YOUR ASSIGNMENT »
Below are some records. Return exactly the lines from the one with "by rewrite ler_wpM2l" to the one with "apply: (@le_trans _ _ (\sum_y Pb", and nothing else.

Stored data »

┌──

Lemma Qstar_norm_le s a : `|Q s a| <= K.
Proof.
have [g0 g1] := andP gamma_bounded.
pose M := \big[Num.max/0]_(p : S * A) `|Q p.1 p.2|.
have M0 : 0 <= M by exact: bigmax_ge_id.
have Q_le_M s1 a1 : `|Q s1 a1| <= M.
  exact: (le_bigmax 0 (fun p : S * A => `|Q p.1 p.2|) (s1, a1)).
have Q_contract s1 a1 : `|Q s1 a1| <= 1 + gamma * M.
  rewrite Q_bellman; apply: le_trans (ler_normD _ _) _; apply: lerD.
    by case/andP: (r_bounded s1 a1) => r0 r1; rewrite ger0_norm.
  rewrite normrM (ger0_norm (ltW g0)) ler_wpM2l ?(ltW g0) //.
  apply: le_trans (ler_norm_sum _ _ _) _.
  apply: (@le_trans _ _ (\sum_(s' : S) P s1 a1 s' * M)).
    apply: ler_sum => s' _; rewrite normrM ger0_norm // ler_wpM2l //.
    exact: maxA_norm_le.
  by rewrite -mulr_suml P_sum1 mul1r.
have M_contract : M <= 1 + gamma * M.
  apply: bigmax_le => [|p _]; last exact: Q_contract.
  by rewrite addr_ge0 // mulr_ge0 // ltW.
apply: le_trans (Q_le_M s a) _.
by rewrite -[_^-1]mul1r ler_pdivlMr ?subr_gt0 // mulrBr mulr1 mulrC; lra.
Qed.

Lemma Vstar_norm_le s : `|Vstar Q s| <= K.
Proof. by apply: maxA_norm_le; [exact: ltW K_gt0 | move=> a; exact: Qstar_norm_le]. Qed.

Lemma eps_norm_le x i : `|ep x i 0| <= 2 * K.
Proof.
have [g0 g1] := andP gamma_bounded.
case: x => [[s a] s']; rewrite /eps mxE normrM.
have td_le : `|r s a + gamma * Vstar Q s' - Q s a| <= 2 * K.
  have K1 : (1 - gamma) * K = 1 by rewrite mulfV // subr_eq0 gt_eqF.
  have hQ := Qstar_norm_le s a; have hV := Vstar_norm_le s'.
  have target_le : `|r s a + gamma * Vstar Q s'| <= 1 + gamma * K.
    apply: le_trans (ler_normD _ _) _; apply: lerD.
      by case/andP: (r_bounded s a) => r0 r1; rewrite ger0_norm.
    by rewrite normrM (ger0_norm (ltW g0)) ler_wpM2l ?(ltW g0).
  by apply: le_trans (ler_normB _ _) _; nra.
rewrite -[X in _ <= X]mul1r; apply: ler_pM => //.
by case: (idx i == (s, a)); rewrite ?normr0 ?normr1.
Qed.

Lemma eps_mean_stationary i : \sum_x mub x * ep x i 0 = 0.
Proof.
rewrite sum_X big1 // => s _; rewrite big1 // => a _.
transitivity ((mu s a * (idx i == (s, a))%:R) *
  \sum_(s' : S) P s a s' * (r s a + gamma * Vstar Q s' - Q s a)).
  by rewrite mulr_sumr; apply: eq_bigr => s' _; rewrite /= mxE; ring.
suff -> : \sum_(s' : S) P s a s' * (r s a + gamma * Vstar Q s' - Q s a) = 0 by rewrite mulr0.
under eq_bigr do rewrite mulrDr mulrN mulrDr mulrCA.
by rewrite !big_split /= sumrN -!mulr_suml -mulr_sumr P_sum1 Q_bellman; ring.
Qed.

Variable tmix : nat.
Hypothesis tmix_gt0 : (0 < tmix)%N.
Hypothesis mixing : forall (x : X S A) (t : nat),
  dtv (Pbk t x) mub <= (4^-1) ^+ (t %/ tmix).

Local Notation Pke := (Pk_eps r gamma P pib Q).
Local Notation gf := (gfun r gamma P pib Q).
Local Notation Pgf := (Pg r gamma P pib Q).

Lemma sum_quarter_floor_le N : \sum_(k < N) (4^-1 : R) ^+ (k %/ tmix) <= 2 * tmix%:R.
Proof.
apply: le_trans (@sum_geometric_floor_le R 4^-1 tmix N _ tmix_gt0) _.
  by rewrite invr_ge0 ler0n invf_lt1 ?ltr1n.
have quarter : 4 * (4^-1 : R) = 1 by rewrite mulfV ?pnatr_eq0.
by rewrite mulrC ler_wpM2r // -div1r ler_pdivrMr; lra.
Qed.

Lemma Pk_eps_entry k x i : Pke k x i 0 = \sum_y Pbk k x y * ep y i 0.
Proof. by rewrite /Pk_eps summxE; apply: eq_bigr => y _; rewrite mxE. Qed.

Lemma Pk_eps0 x i : Pke 0 x i 0 = ep x i 0.
Proof.
rewrite Pk_eps_entry (bigD1 x) //= eqxx mul1r big1 ?addr0 //.
by move=> y /negbTE; rewrite eq_sym => ->; rewrite mul0r.
Qed.

(* Since the noise is centred under [mubar], [Pbar^k eps] only sees the distance of
   [Pbar^k(x, .)] to [mubar]. *)
Lemma Pk_eps_norm_le k x i : `|Pke k x i 0| <= 4 * K * (4^-1) ^+ (k %/ tmix).
Proof.
rewrite Pk_eps_entry.
have -> : \sum_y Pbk k x y * ep y i 0 = \sum_y (Pbk k x y - mub y) * ep y i 0.
  by under [RHS]eq_bigr do rewrite mulrBl; rewrite sumrB eps_mean_stationary subr0.
apply: le_trans (ler_norm_sum _ _ _) _.
apply: (@le_trans _ _ (\sum_y `|Pbk k x y - mub y| * (2 * K))).
  by apply: ler_sum => y _; rewrite normrM ler_wpM2l // eps_norm_le.
rewrite -mulr_suml sum_abs_dtv.
have := mixing x k; have := K_gt0; set d := dtv _ _; set a := _ ^+ _ => K0 da.
rewrite (_ : 4 * K * a = (2 * a) * (2 * K)); last by ring.
by rewrite ler_wpM2r ?ler_wpM2l // mulr_ge0 // ltW.
Qed.

Lemma gfun_series_bounded x i :
  cvgn (fun N => \sum_(k < N) Pke k x i 0) /\ `|gf x i 0| <= 8 * K * tmix%:R.
Proof.
have := @abs_bounded_series_cvg R (fun k => Pke k x i 0) (8 * K * tmix%:R).
rewrite /gfun mxE; apply => N.
apply: (@le_trans _ _ (\sum_(k < N) 4 * K * (4^-1) ^+ (k %/ tmix))).
  by apply: ler_sum => k _; exact: Pk_eps_norm_le.
rewrite -mulr_sumr (_ : 8 * K * tmix%:R = (4 * K) * (2 * tmix%:R)); last by ring.
by rewrite ler_wpM2l ?sum_quarter_floor_le // mulr_ge0 // ltW // K_gt0.
Qed.

Lemma gfun_cvg x i : (\sum_(k < N) Pke k x i 0) @[N --> \oo] --> gf x i 0.
Proof. by rewrite /gfun mxE; case: (gfun_series_bounded x i). Qed.

Lemma gfun_norm_le x i : `|gf x i 0| <= 8 * K * tmix%:R.
Proof. by case: (gfun_series_bounded x i). Qed.

Lemma Pg_entry x i : Pgf x i 0 = \sum_y Pb x y * gf y i 0.
Proof. by rewrite /Pg summxE; apply: eq_bigr => y _; rewrite mxE. Qed.

Lemma Pg_norm_le x i : `|Pgf x i 0| <= 8 * K * tmix%:R.
Proof.
rewrite Pg_entry; apply: le_trans (ler_norm_sum _ _ _) _.
apply: (@le_trans _ _ (\sum_y Pb x y * (8 * K * tmix%:R))).
  by apply: ler_sum => y _; rewrite normrM ger0_norm ?Pbar_ge0 // ler_wpM2l ?Pbar_ge0 ?gfun_norm_le.
by rewrite -mulr_suml Pbar_sum1 mul1r.
Qed.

└──

REPLY »
by rewrite ler_wpM2l ?sum_quarter_floor_le // mulr_ge0 // ltW // K_gt0.
Qed.

Lemma gfun_cvg x i : (\sum_(k < N) Pke k x i 0) @[N --> \oo] --> gf x i 0.
Proof. by rewrite /gfun mxE; case: (gfun_series_bounded x i). Qed.

Lemma gfun_norm_le x i : `|gf x i 0| <= 8 * K * tmix%:R.
Proof. by case: (gfun_series_bounded x i). Qed.

Lemma Pg_entry x i : Pgf x i 0 = \sum_y Pb x y * gf y i 0.
Proof. by rewrite /Pg summxE; apply: eq_bigr => y _; rewrite mxE. Qed.

Lemma Pg_norm_le x i : `|Pgf x i 0| <= 8 * K * tmix%:R.
Proof.
rewrite Pg_entry; apply: le_trans (ler_norm_sum _ _ _) _.
apply: (@le_trans _ _ (\sum_y Pb x y * (8 * K * tmix%:R))).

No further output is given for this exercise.